*** Opening of Data in this exercise ***

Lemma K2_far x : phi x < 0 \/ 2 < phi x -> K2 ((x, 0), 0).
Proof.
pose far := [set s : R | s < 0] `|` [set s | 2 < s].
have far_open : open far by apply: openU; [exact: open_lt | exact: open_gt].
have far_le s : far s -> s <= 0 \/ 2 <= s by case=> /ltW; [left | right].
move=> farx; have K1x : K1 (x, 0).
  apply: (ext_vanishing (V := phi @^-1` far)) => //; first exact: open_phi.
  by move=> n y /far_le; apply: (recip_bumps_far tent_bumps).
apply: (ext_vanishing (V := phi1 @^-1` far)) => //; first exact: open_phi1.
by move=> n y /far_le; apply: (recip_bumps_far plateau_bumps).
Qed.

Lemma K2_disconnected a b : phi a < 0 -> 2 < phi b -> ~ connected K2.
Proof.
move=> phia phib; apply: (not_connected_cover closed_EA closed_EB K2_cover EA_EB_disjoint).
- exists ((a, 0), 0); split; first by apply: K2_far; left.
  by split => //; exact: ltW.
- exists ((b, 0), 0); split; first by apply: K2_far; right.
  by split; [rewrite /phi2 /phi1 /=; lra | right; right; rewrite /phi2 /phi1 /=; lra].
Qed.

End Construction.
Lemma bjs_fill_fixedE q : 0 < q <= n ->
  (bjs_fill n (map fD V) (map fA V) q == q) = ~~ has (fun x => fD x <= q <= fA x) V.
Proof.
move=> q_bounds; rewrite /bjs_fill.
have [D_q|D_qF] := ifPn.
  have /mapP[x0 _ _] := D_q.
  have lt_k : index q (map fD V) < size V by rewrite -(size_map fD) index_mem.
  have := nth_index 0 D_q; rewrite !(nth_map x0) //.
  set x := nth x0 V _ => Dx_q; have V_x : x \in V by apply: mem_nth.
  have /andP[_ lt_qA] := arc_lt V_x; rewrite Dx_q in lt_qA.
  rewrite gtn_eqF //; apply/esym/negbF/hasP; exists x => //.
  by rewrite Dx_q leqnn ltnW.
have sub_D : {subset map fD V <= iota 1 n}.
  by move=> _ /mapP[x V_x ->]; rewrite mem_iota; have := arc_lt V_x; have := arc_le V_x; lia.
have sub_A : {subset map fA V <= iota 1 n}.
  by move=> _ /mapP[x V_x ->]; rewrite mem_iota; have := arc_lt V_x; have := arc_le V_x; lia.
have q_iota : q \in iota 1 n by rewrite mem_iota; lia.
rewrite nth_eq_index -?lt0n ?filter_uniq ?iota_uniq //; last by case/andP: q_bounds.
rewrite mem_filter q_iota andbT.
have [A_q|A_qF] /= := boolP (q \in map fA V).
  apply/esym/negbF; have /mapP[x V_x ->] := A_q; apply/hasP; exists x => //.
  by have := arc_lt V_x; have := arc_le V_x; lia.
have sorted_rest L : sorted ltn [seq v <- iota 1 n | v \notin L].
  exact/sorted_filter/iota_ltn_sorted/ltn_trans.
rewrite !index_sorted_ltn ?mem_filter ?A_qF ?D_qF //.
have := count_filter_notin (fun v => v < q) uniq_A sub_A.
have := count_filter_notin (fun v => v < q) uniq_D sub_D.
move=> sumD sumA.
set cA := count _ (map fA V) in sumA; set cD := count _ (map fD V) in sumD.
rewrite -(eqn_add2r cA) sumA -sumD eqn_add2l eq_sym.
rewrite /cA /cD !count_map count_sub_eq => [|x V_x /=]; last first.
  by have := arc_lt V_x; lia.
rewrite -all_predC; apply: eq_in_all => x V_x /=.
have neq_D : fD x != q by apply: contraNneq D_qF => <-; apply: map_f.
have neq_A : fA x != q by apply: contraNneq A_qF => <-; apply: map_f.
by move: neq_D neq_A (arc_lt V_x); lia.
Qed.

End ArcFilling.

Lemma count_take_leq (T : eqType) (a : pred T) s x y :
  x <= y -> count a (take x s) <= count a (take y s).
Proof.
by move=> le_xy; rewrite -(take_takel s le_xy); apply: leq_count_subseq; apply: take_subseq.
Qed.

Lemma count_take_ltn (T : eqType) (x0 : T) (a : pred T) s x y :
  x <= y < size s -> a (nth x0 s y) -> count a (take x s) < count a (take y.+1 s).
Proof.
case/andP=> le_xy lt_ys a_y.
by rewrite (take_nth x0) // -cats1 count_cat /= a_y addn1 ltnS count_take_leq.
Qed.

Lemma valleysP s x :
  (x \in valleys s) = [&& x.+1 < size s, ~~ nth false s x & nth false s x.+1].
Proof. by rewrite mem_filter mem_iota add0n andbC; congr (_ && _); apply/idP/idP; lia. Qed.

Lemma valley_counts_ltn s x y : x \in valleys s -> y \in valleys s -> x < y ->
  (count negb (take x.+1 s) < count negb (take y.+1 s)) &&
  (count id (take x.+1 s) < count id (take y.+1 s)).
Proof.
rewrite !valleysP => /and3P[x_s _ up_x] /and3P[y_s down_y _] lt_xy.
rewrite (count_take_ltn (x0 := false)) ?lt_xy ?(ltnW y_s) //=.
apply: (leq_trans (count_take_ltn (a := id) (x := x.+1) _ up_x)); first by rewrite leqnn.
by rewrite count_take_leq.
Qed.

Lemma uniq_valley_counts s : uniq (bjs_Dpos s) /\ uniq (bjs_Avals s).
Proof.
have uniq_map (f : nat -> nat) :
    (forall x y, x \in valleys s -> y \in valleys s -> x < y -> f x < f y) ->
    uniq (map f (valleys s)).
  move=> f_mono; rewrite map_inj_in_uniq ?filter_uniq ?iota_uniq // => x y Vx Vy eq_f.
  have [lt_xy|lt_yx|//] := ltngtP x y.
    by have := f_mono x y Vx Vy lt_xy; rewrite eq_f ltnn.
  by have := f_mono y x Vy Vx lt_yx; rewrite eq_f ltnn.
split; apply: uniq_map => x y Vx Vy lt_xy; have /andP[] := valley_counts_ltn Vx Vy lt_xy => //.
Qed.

*** Close of Data in this exercise ***

Exercise:
Look through the listing above and copy each line with the word "case" in it.

Written solution:
have far_le s : far s -> s <= 0 \/ 2 <= s by case=> /ltW; [left | right].
rewrite nth_eq_index -?lt0n ?filter_uniq ?iota_uniq //; last by case/andP: q_bounds.
case/andP=> le_xy lt_ys a_y.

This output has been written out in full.